In addition, shareholders will be able to buy the same BHP shares around the world via BHP Group
Limiteds listings on the Australian, London and Johannesburg stock exchanges as well as our NYSE listed ADR program.
We believe these benefits are
significant for our future, underpin our strategy and support long-term shareholder value creation.
Now turning to the proposal in more detail.
A unified BHP will, through BHP Group Limited, have a primary listing on the Australian Securities Exchange, a standard listing on the London Stock Exchange,
a secondary listing on the Johannesburg Stock Exchange, and a Level 2 ADR program on the New York Stock Exchange. This means that shareholders can continue to invest in BHP in the same markets as they do now.

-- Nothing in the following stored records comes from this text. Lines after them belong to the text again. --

(* With p = exp(-beta c)/2 and w = exp(beta (c - b)), the chain is a
   birth-death chain moving up with probability p and down with probability
   q = p w.  Killed at k, the law of tau^0_k is controlled by two drift
   functions of the killed transition operator: the potential w^(y-k),
   harmonic away from 0, gives P(tau <= t) <= w^-k + p (w - 1) w^-k (t + 1),
   and the mean hitting time U, with U(0) <= w^(k+1) / (p (w - 1)^2), gives
   (t + 1) P(tau > t) <= U(0).  As 2 p exp(beta (c k - b (k - 1))) = w^(k-1),
   both error terms are O(1/beta) at the endpoints
   exp(beta (c k - b (k - 1)) -+ beta eps) of the window. *)

Section Trajectories.
Set Implicit Arguments. Unset Strict Implicit. Unset Printing Implicit Defensive.
Variable N : nat.

Definition traj t (f : {ffun 'I_t -> 'I_N}) (s : nat) : nat :=
  nth 0%N (0%N :: [seq val (f i) | i <- enum 'I_t]) s.

Lemma trajS t (f : {ffun 'I_t -> 'I_N}) (i : 'I_t) : traj f i.+1 = f i.
Proof. by rewrite /traj /= (nth_map i) ?size_enum_ord // nth_ord_enum. Qed.

Lemma traj_out t (f : {ffun 'I_t -> 'I_N}) s : (t <= s)%N -> traj f s.+1 = 0%N.
Proof. by move=> h; rewrite /traj /= nth_default // size_map size_enum_ord. Qed.

Definition ffun_rcons t (f : {ffun 'I_t -> 'I_N}) (y : 'I_N) : {ffun 'I_t.+1 -> 'I_N} :=
  [ffun i => if unlift ord_max i is Some j then f j else y].

Lemma ffun_rcons_bij t :
  bijective (fun fy : {ffun 'I_t -> 'I_N} * 'I_N => ffun_rcons fy.1 fy.2).
Proof.
exists (fun f : {ffun 'I_t.+1 -> 'I_N} => ([ffun j => f (lift ord_max j)], f ord_max)).
  move=> [f y] /=; congr pair; last by rewrite ffunE unlift_none.
  by apply/ffunP => j; rewrite !ffunE liftK.
move=> f /=; apply/ffunP => i; rewrite !ffunE.
by case: unliftP => [j ->|->]; rewrite ?ffunE.
Qed.

Lemma traj_rcons t (f : {ffun 'I_t -> 'I_N}) y s :
  traj (ffun_rcons f y) s = if s == t.+1 then val y else traj f s.
Proof.
case: s => [|s] //=; rewrite eqSS.
case: (ltngtP s t) => [st|ts|->]; last first.
- by rewrite (trajS _ ord_max) ffunE unlift_none.
- by rewrite !traj_out // ltnW.
have := trajS (ffun_rcons f y) (lift ord_max (Ordinal st)).
by rewrite lift_max => ->; rewrite (trajS _ (Ordinal st)) ffunE liftK.
Qed.

End Trajectories.

Section KilledChain.
Set Implicit Arguments. Unset Strict Implicit. Unset Printing Implicit Defensive.
Variables (R : realFieldType) (P : nat -> nat -> R) (k : nat).

Definition avoid_sum t N (g : nat -> R) : R :=
  \sum_(f : {ffun 'I_t -> 'I_N})
    [forall s : 'I_t, traj f s != k]%:R *
    \prod_(s < t) P (traj f s) (traj f s.+1) * g (traj f t).

Definition killed_trunc N (g : nat -> R) (x : nat) : R :=
  (x != k)%:R * \sum_(y < N) P x y * g y.

Lemma avoid_sum0 N g : avoid_sum 0 N g = g 0%N.
Proof.
rewrite /avoid_sum (eq_bigr (fun _ => g 0%N)); last first.
  move=> f _; rewrite big_ord0 mulr1.
  have -> : [forall s : 'I_0, traj f s != k] by apply/fintype.forallP => -[].
  by rewrite mul1r.
by rewrite sumr_const card_ffun !card_ord expn0.
Qed.

Lemma avoid_sumS t N g : avoid_sum t.+1 N g = avoid_sum t N (killed_trunc N g).
Proof.
rewrite /avoid_sum (reindex _ (onW_bij _ (ffun_rcons_bij N t))) /=.
pose F (f : {ffun 'I_t -> 'I_N}) (y : 'I_N) :=
  [forall s : 'I_t.+1, traj (ffun_rcons f y) s != k]%:R *
  \prod_(s < t.+1) P (traj (ffun_rcons f y) s) (traj (ffun_rcons f y) s.+1) *
  g (traj (ffun_rcons f y) t.+1).
rewrite (eq_bigr (fun fy => F fy.1 fy.2)) // -pair_bigA /= {}/F.
apply: eq_bigr => f _; rewrite /killed_trunc !mulr_sumr; apply: eq_bigr => y _.
have same s : (s <= t)%N -> traj (ffun_rcons f y) s = traj f s.
  by move=> st; rewrite traj_rcons ltn_eqF.
have -> : [forall s : 'I_t.+1, traj (ffun_rcons f y) s != k] =
          [forall s : 'I_t, traj f s != k] && (traj f t != k).
  apply/fintype.forallP/andP => [avoid | [/fintype.forallP avoid avoid_t] s].
    split; last by have := avoid ord_max; rewrite same.
    apply/fintype.forallP => s.
    by have := avoid (widen_ord (leqnSn t) s); rewrite /= same // ltnW.
  rewrite same; last by rewrite -ltnS.
  case: (ltnP s t) => [st | ts]; first exact: (avoid (Ordinal st)).
  by have -> : nat_of_ord s = t by apply/anti_leq; rewrite ts -ltnS ltn_ord.
rewrite big_ord_recr /= (eq_bigr (fun s : 'I_t => P (traj f s) (traj f s.+1))); last first.
  by move=> s _; rewrite !same // ltnW.
rewrite !traj_rcons eqxx (ltn_eqF (ltnSn t)) -mulnb natrM.
by rewrite -!mulrA; congr (_ * _); rewrite mulrCA.
Qed.

Lemma avoid_sum_iter t N g : avoid_sum t N g = iter t (killed_trunc N) g 0%N.
Proof. by elim: t g => [|t IH] g; rewrite ?avoid_sum0 // avoid_sumS IH iterSr. Qed.

Hypothesis P_skip : forall x y, (x.+2 <= y)%N -> P x y = 0.

(* Killing on [k, +oo) rather than at [k] only: since the chain cannot jump up
   by more than one, it reaches [k] before any larger state. *)
Definition killed (g : nat -> R) (x : nat) : R :=
  (x < k)%:R * \sum_(0 <= y < x.+2) P x y * g y.

Lemma iter_killed_trunc j N g x : (x <= k)%N -> (x + j < N)%N ->
  iter j (killed_trunc N) g x = iter j killed g x.
Proof.
elim: j x => [|j IH] x xk xjN //=; rewrite /killed_trunc /killed.
case: ltngtP xk => // [xk _ | -> _]; last by rewrite !mul0r.
rewrite !mul1r -(big_mkord xpredT (fun y => P x y * iter j (killed_trunc N) g y)).
have x2N : (x.+2 <= N)%N by apply: leq_trans xjN; rewrite addnS ltnS leq_addr.
rewrite (big_cat_nat (n := x.+2)) //= [X in _ + X]big_nat_cond [X in _ + X]big1.
  rewrite addr0; apply: eq_big_nat => y /andP[_ yx]; congr (_ * _); apply: IH.
    by apply: leq_trans xk; rewrite -ltnS.
  by apply: leq_ltn_trans xjN; rewrite addnS -addSn leq_add2r -ltnS.
by move=> y /andP[/andP[x2y _] _]; rewrite P_skip // mul0r.
Qed.

Lemma avoid_sum_killed t g : avoid_sum t t.+1 g = iter t killed g 0%N.
Proof. by rewrite avoid_sum_iter iter_killed_trunc. Qed.

Lemma iter_killed_lin j a d f g x :
  iter j killed (fun y => a * f y + d * g y) x =
  a * iter j killed f x + d * iter j killed g x.
Proof.
elim: j x => [|j IH] x //=; rewrite /killed.
under eq_bigr do rewrite IH mulrDr mulrCA [P x _ * (d * _)]mulrCA.
by rewrite big_split -!mulr_sumr /=; ring.
Qed.

Hypothesis P_ge0 : forall x y, 0 <= P x y.
Hypothesis P_row : forall x, \sum_(0 <= y < x.+2) P x y = 1.

Lemma iter_killed_le j f g : (forall y, f y <= g y) ->
  forall x, iter j killed f x <= iter j killed g x.
Proof.
move=> fg; elim: j => [|j IH] x /=; first exact: fg.
rewrite ler_wpM2l ?ler0n //; apply: ler_sum => y _.
by rewrite ler_wpM2l // IH.
Qed.

Lemma iter_killed_ge0 j g x : (forall y, 0 <= g y) -> 0 <= iter j killed g x.
Proof.
move=> g0; have := @iter_killed_le j (fun y => 0 * g y + 0 * g y) g _ x.
by rewrite iter_killed_lin !mul0r addr0; apply=> y; rewrite !mul0r addr0.
Qed.

Definition alive (y : nat) : R := (y < k)%:R.
Definition target (y : nat) : R := (y == k)%:R.
Definition survival t := iter t killed alive 0%N.
Definition hitting t := iter t killed target 0%N.

Lemma killed_alive_target : killed (fun y => 1 * alive y + 1 * target y) = alive.
Proof.
apply: funext => x; rewrite /killed /alive; case: ltnP => xk; last by rewrite mul0r.
rewrite mul1r -[RHS](P_row x); apply: eq_big_nat => y /andP[_ yx].
have : (y <= k)%N by apply: leq_trans xk.
by rewrite /target; case: ltngtP => // _ _; rewrite /=; ring.
Qed.

Lemma survivalS t : survival t = survival t.+1 + hitting t.+1.
Proof.
rewrite /survival /hitting !iterSr -{1}killed_alive_target.
rewrite (_ : killed _ = fun y => 1 * killed alive y + 1 * killed target y).
  by rewrite iter_killed_lin !mul1r.
by apply: funext => y; exact: (iter_killed_lin 1).
Qed.

Lemma hitting_ge0 t : 0 <= hitting t.
Proof. by apply: iter_killed_ge0 => y; rewrite ler0n. Qed.

Lemma survival_ge0 t : 0 <= survival t.
Proof. by apply: iter_killed_ge0 => y; rewrite ler0n. Qed.

Lemma survival_le s t : (s <= t)%N -> survival t <= survival s.
Proof.
move=> /subnK <-; elim: (t - s)%N => [|n IH] //.
by rewrite addSn (le_trans _ IH) // [leRHS]survivalS lerDl hitting_ge0.
Qed.

Hypothesis k_gt0 : (0 < k)%N.

Lemma survival0 : survival 0 = 1.
Proof. by rewrite /survival /= /alive k_gt0. Qed.

Lemma survival_le1 t : survival t <= 1.
Proof. by rewrite -survival0 survival_le. Qed.

Lemma sum_hitting t : \sum_(s < t.+1) hitting s = 1 - survival t.
Proof.
elim: t => [|t IH]; last by rewrite big_ord_recr /= IH (survivalS t); ring.
by rewrite big_ord1 survival0 subrr /hitting /= /target eq_sym gtn_eqF.
Qed.

Lemma sum_hitting_nat m n : (m <= n)%N ->
  \sum_(m.+1 <= t < n.+1) hitting t = survival m - survival n.
Proof.
move=> mn; have := sum_hitting n; rewrite -(big_mkord xpredT).
rewrite (big_cat_nat (n := m.+1)) //= big_mkord sum_hitting.
by move=> sum_n; apply: (addrI (1 - survival m)); rewrite sum_n; ring.
Qed.

Lemma hit_by_le_drift (V : nat -> R) (d : R) :
  (forall y, 0 <= V y) -> 0 <= d ->
  (forall x, killed V x <= V x - target x + d * alive x) ->
  forall t, 1 - survival t <= V 0%N + d * t.+1%:R.
Proof.
move=> V0 d0 drift t.
have drift' y : killed V y <=
    (fun y => 1 * (fun y => 1 * V y + (-1) * target y) y + d * alive y) y.
  by rewrite /= !mul1r mulN1r; exact: drift.
have chain n : iter n killed V 0%N + \sum_(s < n) hitting s <= V 0%N + d * n%:R.
  elim: n => [|n IH]; first by rewrite big_ord0 /= addr0 mulr0 addr0.
  have := iter_killed_le n drift' 0%N.
  rewrite !iter_killed_lin !mul1r mulN1r -/(hitting n) -/(survival n) -iterSr => step.
  have := survival_le1 n; have := hitting_ge0 n.
  rewrite big_ord_recr -natr1 /=; move: step IH => /=; nra.
have := chain t.+1; have := iter_killed_ge0 t.+1 0%N V0.
rewrite sum_hitting; lra.
Qed.

Lemma survival_le_drift (U : nat -> R) :
  (forall y, 0 <= U y) -> (forall x, killed U x <= U x - alive x) ->
  forall t, t.+1%:R * survival t <= U 0%N.
Proof.
move=> U0 drift t.
have drift' y : killed U y <= (fun y => 1 * U y + (-1) * alive y) y.
  by rewrite /= mul1r mulN1r; exact: drift.
have chain n : iter n killed U 0%N + \sum_(s < n) survival s <= U 0%N.
  elim: n => [|n IH]; first by rewrite big_ord0 /= addr0.
  have := iter_killed_le n drift' 0%N.
  rewrite iter_killed_lin mul1r mulN1r -/(survival n) -iterSr => step.
  rewrite big_ord_recr /=; move: step IH => /=; lra.
have := chain t.+1; have := iter_killed_ge0 t.+1 0%N U0.
have : t.+1%:R * survival t <= \sum_(s < t.+1) survival s.
  rewrite -[t.+1 in X in X * _]card_ord mulr_natl -sumr_const; apply: ler_sum => s _.
  by apply: survival_le; rewrite -ltnS.
lra.
Qed.

End KilledChain.

Arguments alive {R} k y.
Arguments target {R} k y.

Section BirthDeath.
Set Implicit Arguments. Unset Strict Implicit. Unset Printing Implicit Defensive.
Variables (R : archiFieldType) (p q : R).

Definition bd (x y : nat) : R :=
  if x == 0%N then (if y == 1%N then p else if y == 0%N then 1 - p else 0)
  else (if y == x.+1 then p else if y == x.-1 then q
        else if y == x then 1 - p - q else 0).

Lemma bd_skip x y : (x.+2 <= y)%N -> bd x y = 0.
Proof.
move=> x2y; have xy : (x < y)%N by apply: ltnW.
case: x x2y xy => [|x] x2y xy; rewrite /bd /= ?(gtn_eqF x2y) ?(gtn_eqF xy) //.
by rewrite (gtn_eqF (ltnW xy)).
Qed.

Lemma bd_step_sum x (g : nat -> R) :
  \sum_(0 <= y < x.+2) bd x y * g y =
  if x is x'.+1 then q * g x' + (1 - p - q) * g x + p * g x.+1
  else (1 - p) * g 0%N + p * g 1%N.
Proof.
case: x => [|x]; first by rewrite !big_nat_recr //= big_geq // add0r.
rewrite !big_nat_recr //= big_nat_cond big1 ?add0r; last first.
  move=> y /andP[/andP[_ yx] _]; rewrite /bd /= !ltn_eqF ?mul0r //.
  - exact: ltn_trans yx (ltnSn _).
  - by apply: ltn_trans yx _; apply: ltn_trans (ltnSn _) _.
have x_lt2 : (x < x.+2)%N by apply: ltnW.
rewrite /bd /= !eqxx ?(ltn_eqF x_lt2) ?(ltn_eqF (ltnSn _)) ?(gtn_eqF (ltnSn _)) /=.
by ring.
Qed.

Lemma bd_row x : \sum_(0 <= y < x.+2) bd x y = 1.
Proof.
have := bd_step_sum x (fun=> 1); under eq_bigr do rewrite mulr1.
by case: x => [|x] ->; ring.
Qed.

Hypotheses (p_gt0 : 0 < p) (p_lt_q : p < q) (pq_le1 : p + q <= 1).

Lemma bd_ge0 x y : 0 <= bd x y.
Proof.
have := p_gt0; have := p_lt_q; have := pq_le1 => *.
by rewrite /bd; repeat case: ifP => _; lra.
Qed.

Variable k : nat.
Hypothesis k_gt0 : (0 < k)%N.

Let w := q / p.

Lemma w_gt1 : 1 < w.
Proof. by rewrite /w ltr_pdivlMr // mul1r. Qed.

Lemma q_eq : q = p * w.
Proof. by rewrite /w mulrC divfK // gt_eqF. Qed.

(* [w ^ (y - k)] is harmonic for the chain away from 0. *)
Definition hit_potential (y : nat) : R := w ^+ y / w ^+ k.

Plc shareholders will be entitled to receive Limited shares in exchange for each Plc share held by them at the relevant time on a one-for-one basis.
Importantly, the dividend policy and ability to distribute
franking credits will remain the same. And BHPs considerable franking credit balance means that dividends paid to non-Australian shareholders will not be subject to Australian withholding tax for the
foreseeable future.
It will also not change BHPs strong fundamentals it will not change BHPs underlying assets nor operations,
workforce, executive leadership team, Board or cash flow generation, or our commitment to strong governance and social value.
As a result, the Board is
strongly supportive of the move to unification and the benefits it will bring.
To conclude, the DLC has served us well for many years. However, its
suitability for our organisation has diminished over time.
Today BHPs portfolio is simpler and focused on growing long-term value from
future-facing commodities.
And we require a corporate structure that supports this that is fit-for-purpose.
We believe now is the right time to take this step.
Unification will only proceed if it is supported by both Plc and Limited shareholders.